# Assignment
Tell how many lines in the listing below contain the word "move", giving the number alone.

# Data shown
Definition dilate (p : nat) (f : int -> int) (u : int) : int :=
  if (p%:Z %| u)%Z then f (u %/ p%:Z)%Z else 0.

Lemma dilateM p f k : (0 < p)%N -> dilate p f (k * p%:Z) = f k.
Proof. by move=> p_gt0; rewrite /dilate dvdz_mull ?dvdzz // mulzK // eqz_nat -lt0n. Qed.

Lemma dilate_ndvd p f u : ~~ (p%:Z %| u)%Z -> dilate p f u = 0.
Proof. by rewrite /dilate => /negbTE->. Qed.

Lemma pact_delta_exp_dilate_small p n0 g r : (0 < p)%N -> (n0 < p)%N ->
  pact (Δ ^+ n0) (dilate p g) r =
  (-1) ^+ `|(r %% p%:Z)%Z|%N * 'C(n0, `|(r %% p%:Z)%Z|%N)%:R * g (r %/ p%:Z)%Z.
Proof.
move=> p_gt0 lt_n0p; set r0 := `|(r %% p%:Z)%Z|%N; set q := (r %/ p%:Z)%Z.
have def_r0 : (r %% p%:Z)%Z = r0%:Z by rewrite /r0 gez0_abs // modz_ge0 // eqz_nat -lt0n.
have lt_r0p : (r0 < p)%N by rewrite -ltz_nat -def_r0 ltz_pmod // ltz_nat.
have def_r : r = q * p%:Z + r0%:Z by rewrite -def_r0 /q -divz_eq.
rewrite pact_delta_expE (eq_bigr (fun k : 'I_n0.+1 =>
    if k == r0 :> nat then (-1) ^+ r0 * 'C(n0, r0)%:R * g q else 0)); last first.
  move=> k _; case: eqP => [-> | ne_kr0].
    by rewrite {1}def_r addrK dilateM.
  rewrite dilate_ndvd ?mulr0 //; apply/negP => dvd_rk.
  have : (p%:Z %| r0%:Z - k%:Z)%Z.
    have -> : r0%:Z - k%:Z = (r - k%:Z) - q * p%:Z by rewrite {1}def_r; ring.
    by rewrite rpredB // dvdz_mull.
  by rewrite dvdzE absz_nat => /dvdn_leq; have := ltn_ord k; lia.
rewrite -big_mkcond (big_ord1_eq _ (fun=> _)); case: ltnP => // le_n0r0.
by rewrite bin_small ?mulr0 ?mul0r.
Qed.

Lemma pact_deltaXn_exp_dilate p j f u : (0 < p)%N ->
  pact ((1 - 'X^p) ^+ j) (dilate p f) u = dilate p (pact (Δ ^+ j) f) u.
Proof.
move=> p_gt0; elim: j u => [|j IH] u.
  by rewrite !expr0 !pact1 /dilate; case: ifP; rewrite ?pact1.
rewrite exprS pactM (eq_pact _ IH) pact_deltaXn.
have [/dvdzP [k ->] | ndvd] := boolP (p%:Z %| u)%Z.
  have -> : k * p%:Z - p%:Z = (k - 1) * p%:Z by rewrite mulrBl mul1r.
  by rewrite !dilateM // exprS pactM pact_delta.
have ndvd' : ~~ (p%:Z %| u - p%:Z)%Z by rewrite -(rpredDr _ (dvdzz p)) subrK.
by rewrite !dilate_ndvd // subrr.
Qed.

Lemma pact_dilate_delta_exp_negbinz P p j l u :
  pact P (dilate p (pact (Δ ^+ j) (negbinz l))) u =
  if (j <= l)%N then (-1) ^+ j * pact P (dilate p (negbinz (l - j))) u else 0.
Proof.
case: leqP => [le_jl | lt_lj]; last first.
  by apply: pact_f0 => v; rewrite /dilate; case: ifP; rewrite // pact_delta_exp_negbinz leqNgt lt_lj.
rewrite -pact_scalef; apply: eq_pact => v.
by rewrite /dilate; case: ifP; rewrite ?mulr0 // pact_delta_exp_negbinz le_jl.
Qed.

# Answer box
4